> [AIM OF THE TASK]: Search the listing for the word "left" and return each line that contains it.

> [AVAILABLE DATA]:

Lemma bcoord_sum (I : finType) (F : I -> V) k :
  bcoord (\sum_i F i) k = \sum_i bcoord (F i) k.
Proof. by elim/big_rec2: _ => [|i x y _ <-]; rewrite ?bcoord0 ?bcoordD. Qed.

Lemma comb_mulmx (c : 'I_n -> R) : \sum_j c j *: alpha j = \row_j c j *m A.
Proof. by rewrite mulmx_sum_row; apply: eq_bigr => j _; rewrite rowK mxE. Qed.

Lemma bcoord_comb (c : 'I_n -> R) k : bcoord (\sum_j c j *: alpha j) k = c k.
Proof. by rewrite ffunE comb_mulmx mulmxK ?mxE // -row_free_unit. Qed.

Lemma bcoordK v : \sum_j bcoord v j *: alpha j = v.
Proof.
rewrite comb_mulmx -[RHS](mulmxKV (_ : A \in unitmx)) -?row_free_unit //.
by congr (_ *m _); apply/rowP => k; rewrite mxE ffunE.
Qed.

Lemma bcoord_inj u v : (forall k, bcoord u k = bcoord v k) -> u = v.
Proof. by move=> uv; rewrite -[u]bcoordK -[v]bcoordK; apply: eq_bigr => j _; rewrite uv. Qed.

Lemma bcoord_alpha j k : bcoord (alpha j) k = (j == k)%:R.
Proof.
have -> : alpha j = \sum_i (j == i)%:R *: alpha i.
  rewrite (bigD1 j) //= eqxx scale1r big1 ?addr0 //.
  by move=> k' /negbTE k'j; rewrite eq_sym k'j scale0r.
by rewrite bcoord_comb.
Qed.

Lemma nncombP v : nncomb alpha v <-> natcoords v.
Proof.
split=> [[c ->] k|v_nat]; first by rewrite bcoord_comb; apply: is_nat_nat.
have c_ex k : exists c : nat, bcoord v k == c%:R by have [c ->] := v_nat k; exists c.
exists (fun k => xchoose (c_ex k)); rewrite -{1}[v]bcoordK; apply: eq_bigr => j _.
by have /eqP <- := xchooseP (c_ex j).
Qed.

Lemma natcoords_alpha j : natcoords (alpha j).
Proof. by move=> k; rewrite bcoord_alpha; apply: is_nat_nat. Qed.

Lemma natcoordsD u v : natcoords u -> natcoords v -> natcoords (u + v).
Proof. by move=> u_nat v_nat k; rewrite bcoordD; apply: is_natD. Qed.

Lemma natcoords_height_le0 v : natcoords v -> height v <= 0 -> v = 0.
Proof.
move=> v_nat v_le0; have coord_ge0 k : 0 <= bcoord v k by apply: is_nat_ge0.
have : height v == 0 by rewrite eq_le v_le0 sumr_ge0.
rewrite psumr_eq0 // => /allP v0; apply: bcoord_inj => k.
by rewrite bcoord0; apply/eqP/v0/mem_index_enum.
Qed.

Lemma exists_maximal (P : V -> Prop) (s : seq V) : (exists2 x, x \in s & P x) ->
  exists beta, [/\ beta \in s, P beta &
    forall g, g \in s -> P g -> natcoords (g - beta) -> g = beta].
Proof.
move=> [x xs Px]; have [|beta] := seq_argmax height (s := filter (fun b => `[< P b >]) s).
  by rewrite -size_eq0 size_filter -lt0n -has_count; apply/hasP; exists x => //; apply/asboolP.
rewrite mem_filter => /andP [/asboolP Pbeta betas] beta_max; exists beta; split=> // g gs Pg gbeta.
apply/eqP; rewrite -subr_eq0; apply/eqP/natcoords_height_le0 => //.
have := beta_max g; rewrite mem_filter gs andbT => /(_ (asboolT Pg)).
by rewrite /height (eq_bigr _ (fun k _ => bcoordB _ _ k)) sumrB subr_le0.
Qed.

End Coordinates.

Section RootSystem.
Variables (R : realFieldType) (n : nat) (Phi : seq 'rV[R]_n) (alpha : 'I_n -> 'rV[R]_n).
Hypotheses (Phi_rs : root_system Phi) (alpha_base : is_base Phi alpha).
Local Notation V := 'rV[R]_n.
Local Notation natcoords := (natcoords alpha).
Local Notation bcoord := (bcoord alpha).
Implicit Types u v x y : V.

Let alpha_free : row_free (\matrix_(j < n) alpha j).
Proof. by case: alpha_base. Qed.

Lemma root_neq0 v : v \in Phi -> v != 0.
Proof. by case: Phi_rs => Phi0 _ _ _ _; apply: contraTneq => ->. Qed.

Lemma alpha_root j : alpha j \in Phi.
Proof. by case: alpha_base. Qed.

Lemma alpha_neq0 j : alpha j != 0.
Proof. exact/root_neq0/alpha_root. Qed.

Lemma refl_root a v : a \in Phi -> v \in Phi -> refl a v \in Phi.
Proof. by case: Phi_rs => _ _ refl_Phi _ _; apply: refl_Phi. Qed.

Lemma oppr_root v : v \in Phi -> - v \in Phi.
Proof. by move=> vP; rewrite -refl_self ?root_neq0 // refl_root. Qed.

Lemma root_scalar a c : a \in Phi -> c *: a \in Phi -> c = 1 \/ c = -1.
Proof. by case: Phi_rs => _ _ _ _; apply. Qed.

Lemma root_signs v : v \in Phi -> natcoords v \/ natcoords (- v).
Proof. by case: alpha_base => _ _ /[apply] -[] /(nncombP alpha_free); [left|right]. Qed.

Lemma root_not_both_signs v : v \in Phi -> natcoords v -> natcoords (- v) -> False.
Proof.
move=> vP v_nat Nv_nat; move: (root_neq0 vP); rewrite (_ : v = 0) ?eqxx //.
apply: (bcoord_inj alpha_free) => k.
apply/eqP; rewrite bcoord0 eq_le (is_nat_ge0 (v_nat k)) andbT -oppr_ge0 -bcoordN.
exact: is_nat_ge0.
Qed.

Lemma root_supp1 v j : v \in Phi -> natcoords v ->
  (forall k, k != j -> bcoord v k = 0) -> v = alpha j.
Proof.
move=> vP v_nat v_supp.
have vE : v = bcoord v j *: alpha j.
  apply: (bcoord_inj alpha_free) => k; rewrite bcoordZ (bcoord_alpha alpha_free).
  by have [<-|jk] := eqVneq j k; rewrite ?mulr1 // mulr0 v_supp // eq_sym.
move: vP; rewrite {1}vE => /(root_scalar (alpha_root j)) [c1|cN1].
  by rewrite vE c1 scale1r.
by have := is_nat_ge0 (v_nat j); rewrite cN1 ler0N1.
Qed.

Lemma refl_simple_pos j x : x \in Phi -> natcoords x -> x != alpha j ->
  natcoords (refl (alpha j) x) /\ refl (alpha j) x != alpha j.
Proof.
move=> xP x_nat xj.
have [k kj xk] : exists2 k, k != j & bcoord x k != 0.
  apply: contrapT => /forall2NP x_supp; move/eqP: xj; apply.
  apply: root_supp1 => // k kj.
  by case: (x_supp k) => // /negP; rewrite negbK => /eqP.
have sxk : bcoord (refl (alpha j) x) k = bcoord x k.
  by rewrite /refl bcoordB bcoordZ (bcoord_alpha alpha_free) (eq_sym j k) (negbTE kj) mulr0 subr0.
have sxP : refl (alpha j) x \in Phi by rewrite refl_root ?alpha_root.
split; last by apply: contraNneq xk => sxj; rewrite -sxk sxj (bcoord_alpha alpha_free) (eq_sym j k) (negbTE kj).
case: (root_signs sxP) => // sx_neg; exfalso; move/negP: xk; apply.
rewrite eq_le (is_nat_ge0 (x_nat k)) andbT -sxk -oppr_ge0 -bcoordN; exact: is_nat_ge0.
Qed.

(* By strict Cauchy-Schwarz the two Cartan integers are positive with product < 4,
   so one of them is 1. *)
Lemma subr_root g a : g \in Phi -> a \in Phi -> 0 < dot g a -> g != a -> g != - a ->
  g - a \in Phi.
Proof.
move=> gP aP ga_gt0 ga gNa.
have aa_gt0 := dot_gt0 (root_neq0 aP); have gg_gt0 := dot_gt0 (root_neq0 gP).
have cartan u v : u \in Phi -> v \in Phi -> 0 < dot u v ->
    exists2 z : int, 2 * dot u v / dot v v = z%:~R & (0 < z)%R.
  move=> uP vP uv_gt0; case: Phi_rs => _ _ _ /(_ v u vP uP) [z zE] _; exists z => //.
  by rewrite -(ltr0z R) -zE divr_gt0 ?mulr_gt0 ?dot_gt0 ?root_neq0.
have [za zaE za_gt0] := cartan _ _ gP aP ga_gt0.
have [zb zbE zb_gt0] := cartan _ _ aP gP (ltac:(by rewrite dotC)).
have ga_sqr : dot g a ^+ 2 < dot g g * dot a a.
  apply: dot_sqr_lt; first exact: root_neq0.
  move=> c; apply/eqP => gE; move: (gP); rewrite gE => /(root_scalar aP) [c1|cN1].
    by move/eqP: ga; rewrite gE c1 scale1r.
  by move/eqP: gNa; rewrite gE cN1 scaleN1r.
have zab : (za * zb < 4)%R.
  rewrite -(ltr_int R) intrM -zaE -zbE (dotC a g).
  have -> : 2 * dot g a / dot a a * (2 * dot g a / dot g g)
            = 4 * (dot g a ^+ 2 / (dot g g * dot a a)).
    by field; rewrite !lt0r_neq0.
  by rewrite gtr_pMr // ltr_pdivrMr ?mulr_gt0 // mul1r.
have [za1|zb1] : za = 1 \/ zb = 1 by lia.
  by move: (refl_root aP gP); rewrite /refl zaE za1 scale1r.
by move: (oppr_root (refl_root gP aP)); rewrite /refl zbE zb1 scale1r opprB.
Qed.

(* [dot g g] is a nonnegative combination of the [dot (alpha k) g], so one of them is positive. *)
Lemma exists_simple_subr g : g \in Phi -> natcoords g -> (forall j, g != alpha j) ->
  exists j, g - alpha j \in Phi /\ natcoords (g - alpha j).
Proof.
move=> gP g_nat g_simple.
have [j gj_gt0] : exists j, 0 < dot g (alpha j).
  apply: contrapT => /forallNP gj_le0.
  suff : dot g g <= 0 by rewrite leNgt dot_gt0 ?root_neq0.
  rewrite -{2}[g](bcoordK alpha_free) dotC dot_suml.
  apply: sumr_le0 => k _; rewrite dotZl dotC mulr_ge0_le0 ?is_nat_ge0 // leNgt.
  exact/negP/gj_le0.
have gNa : g != - alpha j.
  apply/eqP => gE; apply: (root_not_both_signs (alpha_root j)).
    exact: natcoords_alpha.
  by rewrite -gE.
have gjP := subr_root gP (alpha_root j) gj_gt0 (g_simple j) gNa.
exists j; split => //; case: (root_signs gjP) => // gj_neg; exfalso.
move/eqP: (g_simple j); apply; apply: root_supp1 => // k kj.
apply/eqP; rewrite eq_le (is_nat_ge0 (g_nat k)) andbT.
have := is_nat_ge0 (gj_neg k).
by rewrite bcoordN bcoordB (bcoord_alpha alpha_free) (eq_sym j k) (negbTE kj) subr0 oppr_ge0.
Qed.


Local Notation wact := (wact alpha).

Lemma wact_rcons w j v : wact (rcons w j) v = wact w (refl (alpha j) v).
Proof. by rewrite /wact foldr_rcons. Qed.

Lemma wactD w u v : wact w (u + v) = wact w u + wact w v.
Proof. by elim: w => //= j w ->; rewrite reflD. Qed.

Lemma wactZ w c v : wact w (c *: v) = c *: wact w v.
Proof. by elim: w => //= j w ->; rewrite reflZ. Qed.

Lemma wactN w v : wact w (- v) = - wact w v.
Proof. by rewrite -scaleN1r wactZ scaleN1r. Qed.

Lemma wact_sum w (I : finType) (F : I -> V) : wact w (\sum_i F i) = \sum_i wact w (F i).
Proof.
elim/big_rec2: _ => [|i u v _ <-]; rewrite ?wactD //.
by rewrite -[0 : V](scale0r 0) wactZ !scale0r.
Qed.

Lemma wact_root w v : v \in Phi -> wact w v \in Phi.
Proof. by elim: w => //= j w IH /IH; apply: refl_root (alpha_root j). Qed.

Lemma dot_wact w u v : dot (wact w u) (wact w v) = dot u v.
Proof. by elim: w => //= j w <-; rewrite dot_refl ?alpha_neq0. Qed.

Lemma wact_refl w a v : wact w (refl a v) = refl (wact w a) (wact w v).
Proof. by rewrite /refl wactD wactN wactZ !dot_wact. Qed.

Lemma wactK w : cancel (wact w) (wact (rev w)).
Proof.
elim: w => //= j w IH v; rewrite rev_cons wact_rcons (reflK (alpha_neq0 j)).
exact: IH.
Qed.

Lemma wact_revK w : cancel (wact (rev w)) (wact w).
Proof. by move=> v; have := wactK (rev w) v; rewrite revK. Qed.

Lemma wact_inj w : injective (wact w).
Proof. exact: can_inj (wactK w). Qed.

Lemma posrootP b : posroot Phi alpha b <-> b \in Phi /\ natcoords b.
Proof. by split=> -[bP /(nncombP alpha_free) b_nat]; split=> //; apply/(nncombP alpha_free). Qed.

Lemma rleP b g : rle alpha b g <-> natcoords (g - b).
Proof. exact: nncombP. Qed.

Lemma NbarP w b :
  Nbar Phi alpha w b <-> [/\ b \in Phi, natcoords b & natcoords (- wact w b)].
Proof.
have natP := nncombP alpha_free.
split=> [[[bP /natP b_nat] [g [[_ /natP g_nat] ->]]]|[bP b_nat wb_neg]].
  by rewrite opprK.
split; first by split=> //; apply/natP.
exists (- wact w b); rewrite opprK; split=> //.
by split; [rewrite oppr_root ?wact_root | apply/natP].
Qed.

Lemma Nbar_nil b : ~ Nbar Phi alpha [::] b.
Proof. by case/NbarP => /root_not_both_signs. Qed.

Lemma Nbar_cons_simple w j beta : beta \in Phi -> natcoords beta ->
  wact w beta = alpha j ->
  forall b, Nbar Phi alpha (j :: w) b <-> Nbar Phi alpha w b \/ b = beta.
Proof.
move=> betaP beta_nat wbeta b.
split=> [/NbarP [bP b_nat /= swb_neg]|[/NbarP [bP b_nat wb_neg]|->]].
- have [->|bbeta] := eqVneq b beta; [by right|left].
  apply/NbarP; split=> //; case: (root_signs (wact_root w bP)) => // wb_pos.
  have wbj : wact w b != alpha j by apply: contraNneq bbeta; rewrite -wbeta => /wact_inj ->.
  have [swb_pos _] := refl_simple_pos (wact_root w bP) wb_pos wbj.
  by have [] := root_not_both_signs (refl_root (alpha_root j) (wact_root w bP)) swb_pos swb_neg.
- apply/NbarP; split=> //=; rewrite -reflN.
  have wbj : - wact w b != alpha j.
    apply/eqP => wbE; apply: (root_not_both_signs betaP beta_nat).
    have -> : - beta = b by apply: (@wact_inj w); rewrite wactN wbeta -wbE opprK.
    exact: b_nat.
  by case: (refl_simple_pos (oppr_root (wact_root w bP)) wb_neg wbj).
- apply/NbarP; split=> //=; rewrite wbeta refl_self ?alpha_neq0 // opprK.
  exact: natcoords_alpha.
Qed.

Definition ninv w := count (fun b => `[< Nbar Phi alpha w b >]) (undup Phi).

Lemma ninv_nil : ninv [::] = 0%N.
Proof.
by rewrite /ninv (eq_count (a2 := pred0)) ?count_pred0 // => b; apply/asboolP/Nbar_nil.
Qed.

Lemma ninv_equiv w w' : wequiv alpha w w' -> ninv w = ninv w'.
Proof. by move=> ww'; apply: eq_count => b; rewrite /Nbar ww'. Qed.

Lemma perm_refl_roots j : perm_eq (map (refl (alpha j)) (undup Phi)) (undup Phi).
Proof.
have sK := reflK (alpha_neq0 j).
apply: uniq_perm => [||x]; rewrite ?(map_inj_uniq (inv_inj sK)) ?undup_uniq //.
rewrite mem_undup; apply/mapP/idP => [[y]|xP].
  by rewrite mem_undup => yP ->; rewrite refl_root ?alpha_root.
by exists (refl (alpha j) x); rewrite ?sK // mem_undup refl_root ?alpha_root.
Qed.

> [TASK OUTPUT]:
Proof. by case: alpha_base => _ _ /[apply] -[] /(nncombP alpha_free); [left|right]. Qed.
- have [->|bbeta] := eqVneq b beta; [by right|left].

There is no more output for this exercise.